AbstractList Hepatitis C virus (HCV) reinfection of the liver allograft after transplantation is universal, with some individuals suffering severe disease recurrence. Predictive markers of recurrent disease severity are urgently needed. In this study, we used a cluster of differentiation (CD) microarray to predict the severity of HCV recurrence after transplantation. The CD antibody microarray assays of live leukocytes were performed on peripheral blood taken in the first year after transplantation. The results were grouped into phases defined as; Pre-transplant (day 0), Early (day 3 to week 2), Mid (week 4 to week 10), and Late (week 12 to week 26). Hepatitis C virus severity was based on fibrosis stages in the first 2 years (F0-1 mild and F2-4 severe). Serial blood samples from 16 patients were taken before and after liver transplantation.

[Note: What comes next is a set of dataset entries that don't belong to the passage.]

(* Let $\mathcal{D}$ be the bipartite double scheme of the (metric) association scheme of the dodecahedron graph, with distinguished relation $R_1$ whose scheme graph is the bipartite double of the dodecahedron. Then every association scheme $(X,\mathcal{R})$ with a distinguished relation having the same relation-distribution diagram as $(\mathcal{D},R_1)$ is isomorphic to $\mathcal{D}$ (with the distinguished relation corresponding to $R_1$).
   Context: A (symmetric) association scheme with rank $d+1$ on a finite set $X$ is a partition $\mathcal{R}=\{R_0,\dots,R_d\}$ of $X\times X$ with $R_0$ the diagonal, each $R_i$ symmetric, and numbers $p^h_{ij}$ such that for every $(x,y)\in R_h$ the number of $z$ with $(x,z)\in R_i$, $(z,y)\in R_j$ equals $p^h_{ij}$; $k_i=p^0_{ii}$ is the valency of $R_i$. Two schemes $(X,\{R_i\})$, $(X',\{R'_i\})$ with distinguished relations $R_1$, $R'_1$ have the same relation-distribution diagram if they have the same rank and there is a bijection $\sigma$ of the index set with $\sigma(0)=0$, $\sigma(1)=1$, $k_i=k'_{\sigma(i)}$ and $p^i_{1j}=p'^{\sigma(i)}_{1\sigma(j)}$ for all $i,j$. The metric association scheme of a distance-regular graph has as relations the distance-$i$ relations. The direct product of schemes with relation matrices $A_i$ and $A'_j$ has relation matrices $A_i\otimes A'_j$; the bipartite double scheme of a scheme is its direct product with the rank-2 scheme on two points. The bipartite double of a graph $\Gamma$ on $V$ has vertices $x^{\pm}$ ($x\in V$), with $x^+\sim y^-$ iff $x\sim y$ in $\Gamma$. *)

From HB Require Import structures.
From mathcomp Require Import all_boot all_order.
Set Implicit Arguments. Unset Strict Implicit. Unset Printing Implicit Defensive.

(* A scheme on a finite set X with index set I is given by a function
   rel : X -> X -> I assigning to each pair the index of the relation
   containing it (this is exactly a partition of X*X indexed by I);
   r0 is the index of the diagonal relation R_0. *)
Definition is_assoc_scheme (X I : finType) (rel : X -> X -> I) (r0 : I) : Prop :=
  (forall x y, (rel x y == r0) = (x == y)) /\
  (forall x y, rel x y = rel y x) /\
  (forall i, exists x y, rel x y = i) /\
  (forall h i j, exists p : nat, forall x y, rel x y = h ->
         #|[set z | (rel x z == i) && (rel z y == j)]| = p).

(* The intersection number p^h_{ij}, computed on some pair (x,y) in R_h
   (well defined for an association scheme; 0 if R_h is empty). *)
Definition pnum (X I : finType) (rel : X -> X -> I) (h i j : I) : nat :=
  if [pick xy : X * X | rel xy.1 xy.2 == h] is Some xy
  then #|[set z | (rel xy.1 z == i) && (rel z xy.2 == j)]| else 0.

Definition valency (X I : finType) (rel : X -> X -> I) (r0 i : I) : nat :=
  pnum rel r0 i i.

Definition same_rdd (X I Y J : finType) (rel : X -> X -> I) (r0 r1 : I)
    (rel' : Y -> Y -> J) (s0 s1 : J) : Prop :=
  exists sigma : I -> J,
    [/\ bijective sigma, sigma r0 = s0, sigma r1 = s1,
        (forall i, valency rel r0 i = valency rel' s0 (sigma i))
      & (forall i j, pnum rel i r1 j = pnum rel' (sigma i) s1 (sigma j))].

Definition scheme_iso (X I Y J : finType) (rel : X -> X -> I) (r1 : I)
    (rel' : Y -> Y -> J) (s1 : J) : Prop :=
  exists f : X -> Y, exists tau : I -> J,
    [/\ bijective f, bijective tau, tau r1 = s1
      & forall x y, rel' (f x) (f y) = tau (rel x y)].

Fixpoint ball (T : finType) (e : rel T) (k : nat) (x : T) : {set T} :=
  if k is k'.+1 then
    ball e k' x :|: [set z | [exists w in ball e k' x, e w z]]
  else [set x].

(* dist x y = number of k < #|T| with y not in ball k x; this is the graph
   distance for connected graphs (distances are < #|T|). *)
Definition gdist (T : finType) (e : rel T) (x y : T) : nat :=
  \sum_(k < #|T|) (y \notin ball e k x).

(* The dodecahedron = generalized Petersen graph GP(10,2):
   outer vertices (i,false), inner vertices (i,true), i mod 10. *)
Definition dodeca_adj : rel ('I_10 * bool) := fun x y =>
  match x.2, y.2 with
  | false, false => (val y.1 == (x.1 + 1) %% 10) || (val x.1 == (y.1 + 1) %% 10)
  | true, true => (val y.1 == (x.1 + 2) %% 10) || (val x.1 == (y.1 + 2) %% 10)
  | _, _ => x.1 == y.1
  end.

(* Metric scheme of the dodecahedron (diameter 5): relation index = distance. *)
Definition dodeca_rel (x y : 'I_10 * bool) : 'I_6 := inord (gdist dodeca_adj x y).

Definition two_rel (a b : bool) : 'I_2 := if a == b then ord0 else ord_max.

Definition prod_rel (X I Y J : Type) (rel1 : X -> X -> I) (rel2 : Y -> Y -> J)
  (u v : X * Y) : I * J := (rel1 u.1 v.1, rel2 u.2 v.2).

Definition D_rel : ('I_10 * bool) * bool -> ('I_10 * bool) * bool -> 'I_6 * 'I_2 :=
  prod_rel dodeca_rel two_rel.

Definition D_R0 : 'I_6 * 'I_2 := (ord0, ord0).
(* R_1 of D: A_1 (x) (J - I), whose graph is the bipartite double. *)
Definition D_R1 : 'I_6 * 'I_2 := (inord 1, ord_max).

From HB Require Import structures.
From mathcomp Require Import all_boot all_order.
From mathcomp Require Import zify.
Set Implicit Arguments. Unset Strict Implicit. Unset Printing Implicit Defensive.

(* Transport the relation indices of X to those of D along the diagram bijection and code
   them as numbers 0..11, so that R_1 becomes 3.  The valencies force |X| = 40, every vertex
   has three R_1-neighbours, and the numbers p^h_{1j} prescribe how the relations from any
   vertex are distributed over the neighbours of any other.  Starting from a vertex and its
   three neighbours, the 40 vertices of D are placed one at a time, each as a neighbour of a
   placed vertex in a prescribed relation to another one; a certificate of constraint
   propagation steps, checked by computation, shows that these counting conditions force
   every relation among the placed vertices to be the one of D.  The placed vertices are then
   pairwise distinct, hence exhaust X, and the placement is the isomorphism. *)

(** * Association schemes and graph distance *)

Section SchemeCounting.
Variables (X I : finType) (rel : X -> X -> I) (r0 : I).
Hypothesis scheme : is_assoc_scheme rel r0.

Lemma card_scheme_pnum x y i j :
  #|[set z | (rel x z == i) && (rel z y == j)]| = pnum rel (rel x y) i j.
Proof.
have [_ [_ [_ pnumP]]] := scheme; have [p card_p] := pnumP (rel x y) i j.
rewrite card_p // /pnum; case: pickP => [[a b] /= /eqP ab_xy|/(_ (x, y))]; last by rewrite eqxx.
by rewrite card_p.
Qed.

Lemma card_scheme_valency : #|X| = \sum_i valency rel r0 i.
Proof.
have [diag [sym [nonempty _]]] := scheme.
have [x0 [_ _]] := nonempty r0.
rewrite -sum1_card (partition_big (rel x0) xpredT) //=; apply: eq_bigr => i _.
have /eqP <- : rel x0 x0 == r0 by rewrite diag.
rewrite /valency -card_scheme_pnum sum1_card; apply: eq_card => z.
by rewrite !inE (sym z x0) andbb.
Qed.

End SchemeCounting.

Lemma scheme_iso_of_pullback (X I Y J : finType) (rel : X -> X -> I) (r1 : I)
    (rel' : Y -> Y -> J) (s0 s1 : J) (sigma : I -> J) (g : Y -> X) :
  bijective sigma -> sigma r1 = s1 -> (forall y y', (rel' y y' == s0) = (y == y')) ->
  #|X| <= #|Y| -> (forall y y', rel' y y' = sigma (rel (g y) (g y'))) ->
  scheme_iso rel r1 rel' s1.
Proof.
move=> bij_sigma sigma_r1 diag' cardXY relg.
have g_inj : injective g.
  by move=> y y' eq_g; apply/eqP; rewrite -diag' relg eq_g -relg diag'.
have [f gK fK] : bijective g by exact: inj_card_bij g_inj cardXY.
exists f, sigma; split => //; first by exists g.
by move=> x x'; rewrite relg !fK.
Qed.

Lemma card_set_in_count (T : finType) (s : seq T) (P : pred T) :
  uniq s -> #|[set z in s | P z]| = count P s.
Proof.
move=> uniq_s; rewrite -size_filter -(card_uniqP (filter_uniq P uniq_s)).
by apply: eq_card => z; rewrite inE mem_filter andbC.
Qed.

Lemma card_set_count (T : finType) (s : seq T) (P : pred T) :
  uniq s -> (forall x, x \in s) -> #|[set z | P z]| = count P s.
Proof.
move=> uniq_s mem_s; rewrite -card_set_in_count //.
by apply: eq_card => z; rewrite !inE mem_s.
Qed.

Section BallIteration.
Variables (T : finType) (e : rel T) (s : seq T).
Hypothesis mem_s : forall x, x \in s.

Definition ball_step (B : seq T) : seq T :=
  [seq z <- s | (z \in B) || has (e^~ z) B].

Lemma mem_ball_iter k x y : (y \in ball e k x) = (y \in iter k ball_step [:: x]).
Proof.
elim: k y => [|k IHk] y /=; first by rewrite !inE.
rewrite mem_filter mem_s andbT in_setU IHk inE; congr (_ || _).
apply/existsP/hasP => [[w /andP [w_ball e_wy]]|[w w_ball e_wy]].
  by exists w; rewrite -?IHk.
by exists w; rewrite IHk w_ball.
Qed.

Lemma gdist_traject x y :
  gdist e x y = sumn [seq (y \notin B) : nat | B <- traject ball_step [:: x] #|T|].
Proof.
have -> : traject ball_step [:: x] #|T| = [seq iter k ball_step [:: x] | k <- iota 0 #|T|].
  apply: (@eq_from_nth _ [::]); rewrite size_traject ?size_map ?size_iota // => k lt_k.
  rewrite (set_nth_default [:: x]) ?size_traject // nth_traject //.
  by rewrite (nth_map 0) ?size_iota // nth_iota.
rewrite sumnE !big_map /gdist -(subn0 #|T|) -/(index_iota 0 _) big_mkord subn0.
by apply: eq_bigr => k _; rewrite mem_ball_iter.
Qed.

End BallIteration.

(** * The scheme D *)

(* D_R0 has code 0 and D_R1 code 3. *)
Definition rcode (h : 'I_6 * 'I_2) : nat := 2 * h.1 + h.2.
Definition rdecode (n : nat) : 'I_6 * 'I_2 := (inord n./2, inord (odd n)).

Lemma rcode_lt h : rcode h < 12.
Proof. by case: h => [[i lt_i] [e lt_e]]; rewrite /rcode /=; lia. Qed.

Lemma rdecode_double d (e : bool) : rdecode (2 * d + e) = (inord d, inord e).
Proof. by rewrite /rdecode addnC mul2n half_bit_double oddD odd_double addbF oddb. Qed.

Lemma rcodeK : cancel rcode rdecode.
Proof.
case=> i [[|[|//]] lt_e] /=;
  [have := rdecode_double i false | have := rdecode_double i true];
  by rewrite /rcode /= => ->; congr pair; apply: val_inj; rewrite /= inordK.
Qed.

Lemma rdecodeK n : n < 12 -> rcode (rdecode n) = n.
Proof.
move=> lt_n; rewrite /rcode /= !inordK; first by rewrite addnC mul2n odd_double_half.
- by case: (odd n).
- by rewrite ltn_half_double.
Qed.

Definition dodeca_dist_tab : seq (seq nat) := [::
  [:: 0; 1; 2; 3; 4; 5; 4; 3; 2; 1; 1; 2; 2; 3; 3; 4; 3; 3; 2; 2];
  [:: 1; 0; 1; 2; 3; 4; 5; 4; 3; 2; 2; 1; 2; 2; 3; 3; 4; 3; 3; 2];
  [:: 2; 1; 0; 1; 2; 3; 4; 5; 4; 3; 2; 2; 1; 2; 2; 3; 3; 4; 3; 3];
  [:: 3; 2; 1; 0; 1; 2; 3; 4; 5; 4; 3; 2; 2; 1; 2; 2; 3; 3; 4; 3];
  [:: 4; 3; 2; 1; 0; 1; 2; 3; 4; 5; 3; 3; 2; 2; 1; 2; 2; 3; 3; 4];
  [:: 5; 4; 3; 2; 1; 0; 1; 2; 3; 4; 4; 3; 3; 2; 2; 1; 2; 2; 3; 3];
  [:: 4; 5; 4; 3; 2; 1; 0; 1; 2; 3; 3; 4; 3; 3; 2; 2; 1; 2; 2; 3];
  [:: 3; 4; 5; 4; 3; 2; 1; 0; 1; 2; 3; 3; 4; 3; 3; 2; 2; 1; 2; 2];
  [:: 2; 3; 4; 5; 4; 3; 2; 1; 0; 1; 2; 3; 3; 4; 3; 3; 2; 2; 1; 2];
  [:: 1; 2; 3; 4; 5; 4; 3; 2; 1; 0; 2; 2; 3; 3; 4; 3; 3; 2; 2; 1];
  [:: 1; 2; 2; 3; 3; 4; 3; 3; 2; 2; 0; 3; 1; 4; 2; 5; 2; 4; 1; 3];
  [:: 2; 1; 2; 2; 3; 3; 4; 3; 3; 2; 3; 0; 3; 1; 4; 2; 5; 2; 4; 1];
  [:: 2; 2; 1; 2; 2; 3; 3; 4; 3; 3; 1; 3; 0; 3; 1; 4; 2; 5; 2; 4];
  [:: 3; 2; 2; 1; 2; 2; 3; 3; 4; 3; 4; 1; 3; 0; 3; 1; 4; 2; 5; 2];
  [:: 3; 3; 2; 2; 1; 2; 2; 3; 3; 4; 2; 4; 1; 3; 0; 3; 1; 4; 2; 5];
  [:: 4; 3; 3; 2; 2; 1; 2; 2; 3; 3; 5; 2; 4; 1; 3; 0; 3; 1; 4; 2];
  [:: 3; 4; 3; 3; 2; 2; 1; 2; 2; 3; 2; 5; 2; 4; 1; 3; 0; 3; 1; 4];
  [:: 3; 3; 4; 3; 3; 2; 2; 1; 2; 2; 4; 2; 5; 2; 4; 1; 3; 0; 3; 1];
  [:: 2; 3; 3; 4; 3; 3; 2; 2; 1; 2; 1; 4; 2; 5; 2; 4; 1; 3; 0; 3];
  [:: 2; 2; 3; 3; 4; 3; 3; 2; 2; 1; 3; 1; 4; 2; 5; 2; 4; 1; 3; 0]].

Definition dodeca_dist (x y : 'I_10 * bool) : nat :=
  nth 0 (nth [::] dodeca_dist_tab (x.1 + 10 * x.2)) (y.1 + 10 * y.2).

(* [inord] does not reduce under [vm_compute] (it matches on the opaque [idP]). *)
Definition ord10 (i : nat) : 'I_10 := Ordinal (ltn_pmod i (isT : 0 < 10)).

Lemma ord10_val i : ord10 (val i) = i.
Proof. by apply: val_inj; rewrite /= modn_small. Qed.

Definition dodeca_vertices : seq ('I_10 * bool) :=
  [seq (ord10 i, b) | b <- [:: false; true], i <- iota 0 10].

Lemma mem_dodeca_vertices x : x \in dodeca_vertices.
Proof.
case: x => i b; apply/allpairsPdep; exists b, (val i).
by rewrite ord10_val mem_iota ltn_ord; case: b.
Qed.

Lemma all_dodeca_vertices (P : pred ('I_10 * bool)) : all P dodeca_vertices -> forall x, P x.
Proof. by move=> /allP all_P x; apply: all_P (mem_dodeca_vertices x). Qed.

Lemma gdist_dodeca x y : gdist dodeca_adj x y = dodeca_dist x y.
Proof.
rewrite (gdist_traject _ mem_dodeca_vertices) card_prod card_ord card_bool.
have : all (fun x => let balls := traject (ball_step dodeca_adj dodeca_vertices) [:: x] 20 in
         all (fun y => sumn [seq (y \notin B) : nat | B <- balls] == dodeca_dist x y)
           dodeca_vertices) dodeca_vertices.
  by vm_compute.
by move=> /all_dodeca_vertices /(_ x) /all_dodeca_vertices /(_ y) /eqP.
Qed.

Definition Dvertex := (('I_10 * bool) * bool)%type.

Definition dcode (u v : Dvertex) : nat := 2 * dodeca_dist u.1 v.1 + (u.2 != v.2).

Lemma D_relE u v : D_rel u v = rdecode (dcode u v).
Proof.
rewrite /D_rel /prod_rel /dodeca_rel gdist_dodeca /dcode rdecode_double.
by congr pair; rewrite /two_rel; case: eqP => _; apply: val_inj; rewrite /= inordK.
Qed.

Definition p1_rows : seq (seq nat) := [::
  [:: 0; 0; 0; 3; 0; 0; 0; 0; 0; 0; 0; 0];
  [:: 0; 0; 3; 0; 0; 0; 0; 0; 0; 0; 0; 0];
  [:: 0; 1; 0; 0; 0; 2; 0; 0; 0; 0; 0; 0];
  [:: 1; 0; 0; 0; 2; 0; 0; 0; 0; 0; 0; 0];
  [:: 0; 0; 0; 1; 0; 1; 0; 1; 0; 0; 0; 0];
  [:: 0; 0; 1; 0; 1; 0; 1; 0; 0; 0; 0; 0];
  [:: 0; 0; 0; 0; 0; 1; 0; 1; 0; 1; 0; 0];
  [:: 0; 0; 0; 0; 1; 0; 1; 0; 1; 0; 0; 0];
  [:: 0; 0; 0; 0; 0; 0; 0; 2; 0; 0; 0; 1];
  [:: 0; 0; 0; 0; 0; 0; 2; 0; 0; 0; 1; 0];
  [:: 0; 0; 0; 0; 0; 0; 0; 0; 0; 3; 0; 0];
  [:: 0; 0; 0; 0; 0; 0; 0; 0; 3; 0; 0; 0]].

A total of 98 assays were performed. Follow-up was 3 years or longer. Comparing recurrence severity, significantly greater numbers of CD antigens were differentially expressed on the pretransplant samples compared to any posttransplant timepoints. Five differentially expressed CD antigens before transplantation (CD27 PH, CD182, CD260, CD41, and CD34) were significantly expressed comparing severe to mild recurrence, whereas expression of only CD152 was significant in the late phase after transplantation. No relationship was observed between the donor or recipient interleukin-28B genotypes and HCV recurrence severity. This study shows that circulating leukocyte CD antigen expression has utility in assessing recurrent HCV disease severity after liver transplantation and serves as a proof of principle. Importantly, pretransplant CD antigen expression is most predictive of disease outcome.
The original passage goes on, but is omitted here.